If you are working on a team and you have a team member writing stuff like this, then you can talk to them about it and explain why it is bad.
By writing sane code.
If you write code you can't trust, then obviously your code won't be trustworthy.
Similar stupid tricks are possible in pretty much any language. In C#, you can modify the code at runtime through reflection. You can inspect and change private class members. How do you protect against that? You don't, you just have to write code that behaves as you expect.
Apart from that, write a unittest testing that the function does not change its parameter.
The general rule in C++ is that the language is designed to protect you from Murphy, not Machiavelli. In other words, its meant to keep a maintainance programmer from accidentally changing a variable marked as const, not to keep someone from deliberatly changing it, which can be done in many ways.
A C-style cast means all bets are off. It's sort of like telling the compiler "Trust me, I know this looks bad, but I need to do this, so don't tell me I'm wrong." Also, what you've done is actually undefined. Casting off const-ness and then modifying the value means the compiler/runtime can do anything, including e.g. crash your program.
The only thing I can suggest is to allocate the variable shouldNotChange from a memory page that is marked as read-only. This will force the OS/CPU to raise an error if the application attempts to write to that memory. I don't really recommend this as a general method of validating functions just as an idea you may find useful.
The simplest way to enforce this would be to just not pass a pointer:
void func(int shouldnotChange);
Now a copy will be made of the argument. The function can change the value all it likes, but the original value will not be modified.
If you can't change the function's interface then you could make a copy of the value before calling the function:
int i = 5;
int copy = i
func(&copy);
Don't use C style casts in C++.
We have 4 cast operators in C++ (listed here in order of danger)
static_cast<> Safe (When used to 'convert numeric data types').
dynamic_cast<> Safe (but throws exceptions/returns NULL)
const_cast<> Dangerous (when removing const).
static_cast<> Very Dangerous (When used to cast pointer types. Not a very good idea!!!!!)
reinterpret_cast<> Very Dangerous. Use this only if you understand the consequences.
You can always tell the compiler that you know better than it does and the compiler will accept you at face value (the reason being that you don't want the compiler getting in the way when you actually do know better).
Power over the compiler is a two edged sword. If you know what you are doing it is a powerful tool the will help, but if you get things wrong it will blow up in your face.
Unfortunately, the compiler has reasons for most things so if you over-ride its default behavior then you better know what you are doing. Cast is one the things. A lot of the time it is fine.
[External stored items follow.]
Section quotient.
Context {R : realType} {n : nat} (G : set 'M[Cplx R]_n) (alpha : 'M[Cplx R]_n -> R).
Local Notation Vec := 'cV[Cplx R]_n.
Local Notation Cov := 'rV[Cplx R]_n.

Lemma Phi_orbit p : compact_unitary_group G ->
  Phi (Defs.orbit G p) = sqnorm_cov p.2 / 2%:R.
Proof.
case=> G1 _ _ G_unitary _; rewrite /Phi.
have [g Gg <-] : Defs.orbit G p (xget (0, 0) (Defs.orbit G p)).
  by apply: xgetPex; exists (act 1%:M p); exists 1%:M.
by rewrite sqnorm_cov_unitary //; exact: G_unitary.
Qed.

Lemma hkq_compact_orbits (P : set (Vec * Cov)) :
  P `<=` level G alpha -> compact P -> hkq_compact G alpha (Defs.orbit G @` P).
Proof.
move=> P_level; rewrite compact_cover => P_cover.
split=> [_ [p Pp <-] | I F F_open orbits_covered].
  by exists p; [exact: P_level |].
have [V V_open] := choice (fun i => (F_open i).2).
have P_covered : P `<=` cover (setT : set {classic I}) V.
  move=> p Pp; have [i _ Fi] := orbits_covered _ (imageP _ Pp).
  exists i => //.
  have : [set q | level G alpha q /\ F i (Defs.orbit G q)] p.
    by split=> //; exact: P_level.
  by rewrite (V_open i).2 => -[].
have [D _ D_cover] :=
  P_cover {classic I} setT V (fun i _ => (V_open i).1) P_covered.
exists [set` D]; first exact: (finite_fset D).
move=> _ [p Pp <-]; have [i Di Vi] := D_cover p Pp.
exists i => //.
have : (V i `&` level G alpha) p by split=> //; exact: P_level.
by rewrite -(V_open i).2 => -[].
Qed.

End quotient.

Theorem mainTheorem2 (R : realType) (n : nat) (G : set 'M[Cplx R]_n)
  (alpha : 'M[Cplx R]_n -> R) :
  compact_unitary_group G ->
  lie_dual G alpha ->
  central G alpha ->
  mom_proper G ->
  Phi_proper G alpha.
Proof.
(* Linearity and centrality of alpha only serve to make the level set
   G-invariant, which [hkq], built from orbits of points of the level set,
   does not require. *)
move=> G_cpt _ _ mu_proper K Kc.
have -> : [set O | hkq G alpha O /\ K (Phi O)] =
    Defs.orbit G @` Phi_level_preimage G alpha K.
  apply/seteqP; split=> [Q [[p p_level ->] KQ] | _ [p [p_level Kp] <-]].
    by exists p => //; split=> //; rewrite -(Phi_orbit G p G_cpt).
  by split; [exists p | rewrite (Phi_orbit G p G_cpt)].
apply: hkq_compact_orbits; first by move=> p [].
exact: Phi_level_preimage_compact.
Qed.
But if you start casting away const(ness) then you better know what you are doing.
(int*) is the casting syntax from C. C++ supports it fully, but it is not recommended.
In C++ the equivalent cast should've been written like this:
int* canChange = static_cast<int*>(shouldnotChange);
And indeed, if you wrote that, the compiler would NOT have allowed such a cast.
What you're doing is writing C code and expecting the C++ compiler to catch your mistake, which is sort of unfair if you think about it.